_Exercise objective:_ The exercise asks you to copy every line below in which "apply" appears.

_Saved entries:_
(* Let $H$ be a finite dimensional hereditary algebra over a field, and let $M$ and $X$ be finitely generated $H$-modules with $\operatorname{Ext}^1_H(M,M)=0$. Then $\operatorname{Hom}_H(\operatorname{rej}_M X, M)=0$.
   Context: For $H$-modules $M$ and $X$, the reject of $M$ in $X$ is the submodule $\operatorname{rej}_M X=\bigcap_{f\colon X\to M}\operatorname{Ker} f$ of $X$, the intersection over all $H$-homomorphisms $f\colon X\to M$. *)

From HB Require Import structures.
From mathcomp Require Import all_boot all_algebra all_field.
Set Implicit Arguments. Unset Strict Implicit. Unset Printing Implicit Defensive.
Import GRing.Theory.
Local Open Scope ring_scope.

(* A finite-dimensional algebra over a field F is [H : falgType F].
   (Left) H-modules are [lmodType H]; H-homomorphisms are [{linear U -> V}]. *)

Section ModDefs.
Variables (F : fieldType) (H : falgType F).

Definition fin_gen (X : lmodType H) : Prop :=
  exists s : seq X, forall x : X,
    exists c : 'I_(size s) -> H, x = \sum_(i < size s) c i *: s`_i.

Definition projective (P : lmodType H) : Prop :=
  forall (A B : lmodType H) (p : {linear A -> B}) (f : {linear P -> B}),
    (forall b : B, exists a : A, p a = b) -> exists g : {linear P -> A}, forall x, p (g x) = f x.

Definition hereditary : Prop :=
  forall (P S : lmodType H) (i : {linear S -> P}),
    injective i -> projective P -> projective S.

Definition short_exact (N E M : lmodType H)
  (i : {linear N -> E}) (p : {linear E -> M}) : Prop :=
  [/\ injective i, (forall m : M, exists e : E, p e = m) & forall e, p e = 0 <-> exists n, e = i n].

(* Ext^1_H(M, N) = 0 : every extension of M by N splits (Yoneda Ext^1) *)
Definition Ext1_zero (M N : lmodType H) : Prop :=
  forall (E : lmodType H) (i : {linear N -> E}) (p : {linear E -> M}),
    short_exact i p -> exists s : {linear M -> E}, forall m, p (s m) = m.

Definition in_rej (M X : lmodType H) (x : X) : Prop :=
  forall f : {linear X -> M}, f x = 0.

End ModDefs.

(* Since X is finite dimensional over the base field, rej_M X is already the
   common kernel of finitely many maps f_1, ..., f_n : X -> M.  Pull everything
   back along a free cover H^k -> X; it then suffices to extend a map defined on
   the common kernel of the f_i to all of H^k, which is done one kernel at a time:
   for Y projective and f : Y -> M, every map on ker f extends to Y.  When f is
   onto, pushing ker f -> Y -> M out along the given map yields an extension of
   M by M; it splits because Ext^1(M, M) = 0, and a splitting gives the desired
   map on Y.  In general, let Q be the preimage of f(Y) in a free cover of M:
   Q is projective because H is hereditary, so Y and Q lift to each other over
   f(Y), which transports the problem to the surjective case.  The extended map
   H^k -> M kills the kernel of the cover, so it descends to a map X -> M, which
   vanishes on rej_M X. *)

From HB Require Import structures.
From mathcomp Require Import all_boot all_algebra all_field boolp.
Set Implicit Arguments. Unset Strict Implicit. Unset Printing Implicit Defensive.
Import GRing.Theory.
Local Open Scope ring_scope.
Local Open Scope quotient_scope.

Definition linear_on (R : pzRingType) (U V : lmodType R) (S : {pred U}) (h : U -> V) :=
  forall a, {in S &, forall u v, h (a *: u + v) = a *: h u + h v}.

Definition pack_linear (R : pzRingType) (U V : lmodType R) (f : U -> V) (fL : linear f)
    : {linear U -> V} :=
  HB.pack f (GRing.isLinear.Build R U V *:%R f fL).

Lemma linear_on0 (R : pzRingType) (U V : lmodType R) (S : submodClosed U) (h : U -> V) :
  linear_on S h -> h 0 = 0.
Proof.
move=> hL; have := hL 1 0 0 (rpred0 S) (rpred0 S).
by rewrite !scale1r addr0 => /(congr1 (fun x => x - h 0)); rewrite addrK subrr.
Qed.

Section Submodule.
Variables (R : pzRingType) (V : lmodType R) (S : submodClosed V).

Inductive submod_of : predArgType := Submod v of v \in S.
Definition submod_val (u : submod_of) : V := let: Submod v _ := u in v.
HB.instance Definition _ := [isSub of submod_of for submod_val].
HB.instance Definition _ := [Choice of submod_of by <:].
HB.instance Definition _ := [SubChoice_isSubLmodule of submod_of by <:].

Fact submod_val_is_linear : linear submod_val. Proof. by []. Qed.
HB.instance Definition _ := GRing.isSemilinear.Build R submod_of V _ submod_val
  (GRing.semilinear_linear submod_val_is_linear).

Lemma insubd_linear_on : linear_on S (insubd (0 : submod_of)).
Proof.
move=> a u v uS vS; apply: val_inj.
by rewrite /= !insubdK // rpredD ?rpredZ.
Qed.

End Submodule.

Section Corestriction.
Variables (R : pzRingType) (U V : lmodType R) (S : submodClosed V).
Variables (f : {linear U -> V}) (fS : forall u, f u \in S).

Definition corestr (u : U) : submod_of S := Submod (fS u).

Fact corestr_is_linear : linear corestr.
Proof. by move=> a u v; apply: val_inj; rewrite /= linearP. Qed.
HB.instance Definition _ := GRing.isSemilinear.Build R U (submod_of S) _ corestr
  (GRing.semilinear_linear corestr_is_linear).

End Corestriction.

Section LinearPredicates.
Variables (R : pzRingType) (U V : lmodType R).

==

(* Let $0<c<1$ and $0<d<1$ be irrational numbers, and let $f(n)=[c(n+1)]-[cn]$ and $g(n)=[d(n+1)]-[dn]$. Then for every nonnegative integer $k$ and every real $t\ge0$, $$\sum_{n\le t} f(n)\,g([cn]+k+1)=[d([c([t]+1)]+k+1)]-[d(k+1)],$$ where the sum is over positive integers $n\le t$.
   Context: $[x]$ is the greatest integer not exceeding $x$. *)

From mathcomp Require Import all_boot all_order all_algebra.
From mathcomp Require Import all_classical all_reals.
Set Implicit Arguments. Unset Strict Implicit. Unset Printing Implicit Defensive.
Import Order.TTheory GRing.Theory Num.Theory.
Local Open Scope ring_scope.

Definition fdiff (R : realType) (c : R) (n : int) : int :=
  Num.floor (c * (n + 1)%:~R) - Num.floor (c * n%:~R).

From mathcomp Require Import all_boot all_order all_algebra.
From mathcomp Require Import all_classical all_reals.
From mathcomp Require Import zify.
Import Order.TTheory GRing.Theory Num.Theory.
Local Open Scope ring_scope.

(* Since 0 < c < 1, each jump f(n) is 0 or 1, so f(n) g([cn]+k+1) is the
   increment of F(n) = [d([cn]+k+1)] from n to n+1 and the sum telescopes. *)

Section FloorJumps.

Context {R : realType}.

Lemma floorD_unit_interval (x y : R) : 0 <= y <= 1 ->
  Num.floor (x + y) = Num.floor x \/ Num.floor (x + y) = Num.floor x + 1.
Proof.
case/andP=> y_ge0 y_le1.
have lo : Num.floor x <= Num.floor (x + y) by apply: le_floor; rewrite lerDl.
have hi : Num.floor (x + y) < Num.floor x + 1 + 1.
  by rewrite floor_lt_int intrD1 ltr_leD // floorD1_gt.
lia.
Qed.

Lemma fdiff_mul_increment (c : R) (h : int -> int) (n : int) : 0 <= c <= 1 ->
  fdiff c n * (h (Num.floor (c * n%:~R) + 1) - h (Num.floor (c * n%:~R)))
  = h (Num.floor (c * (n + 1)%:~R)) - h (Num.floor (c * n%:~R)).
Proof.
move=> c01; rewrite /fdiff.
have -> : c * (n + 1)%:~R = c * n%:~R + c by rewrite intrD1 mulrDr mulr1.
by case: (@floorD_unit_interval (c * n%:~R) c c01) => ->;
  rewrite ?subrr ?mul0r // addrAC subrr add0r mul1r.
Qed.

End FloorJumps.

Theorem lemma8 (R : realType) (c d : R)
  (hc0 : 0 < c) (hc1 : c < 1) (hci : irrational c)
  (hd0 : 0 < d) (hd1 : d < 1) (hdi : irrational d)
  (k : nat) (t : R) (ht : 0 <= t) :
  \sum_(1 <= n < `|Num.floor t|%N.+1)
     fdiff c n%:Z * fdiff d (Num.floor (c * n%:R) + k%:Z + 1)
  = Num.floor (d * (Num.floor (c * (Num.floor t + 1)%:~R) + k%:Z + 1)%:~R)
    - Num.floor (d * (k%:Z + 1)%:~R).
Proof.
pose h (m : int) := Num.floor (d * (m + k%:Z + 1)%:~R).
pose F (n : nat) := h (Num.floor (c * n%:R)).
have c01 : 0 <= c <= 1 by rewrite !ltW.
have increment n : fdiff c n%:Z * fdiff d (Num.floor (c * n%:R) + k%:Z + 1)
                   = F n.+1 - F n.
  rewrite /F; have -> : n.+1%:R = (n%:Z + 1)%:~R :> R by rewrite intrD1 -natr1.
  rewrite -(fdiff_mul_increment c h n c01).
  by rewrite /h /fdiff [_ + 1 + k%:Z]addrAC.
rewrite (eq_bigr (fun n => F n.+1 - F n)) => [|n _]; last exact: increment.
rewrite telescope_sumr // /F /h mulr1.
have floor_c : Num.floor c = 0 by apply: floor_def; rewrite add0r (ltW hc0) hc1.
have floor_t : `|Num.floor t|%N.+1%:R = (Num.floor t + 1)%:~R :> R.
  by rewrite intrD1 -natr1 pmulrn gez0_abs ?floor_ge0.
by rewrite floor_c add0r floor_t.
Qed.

_Problem solution:_
move=> a u v uS vS; apply: val_inj.
Proof. by move=> a u v; apply: val_inj; rewrite /= linearP. Qed.
have lo : Num.floor x <= Num.floor (x + y) by apply: le_floor; rewrite lerDl.
have floor_c : Num.floor c = 0 by apply: floor_def; rewrite add0r (ltW hc0) hc1.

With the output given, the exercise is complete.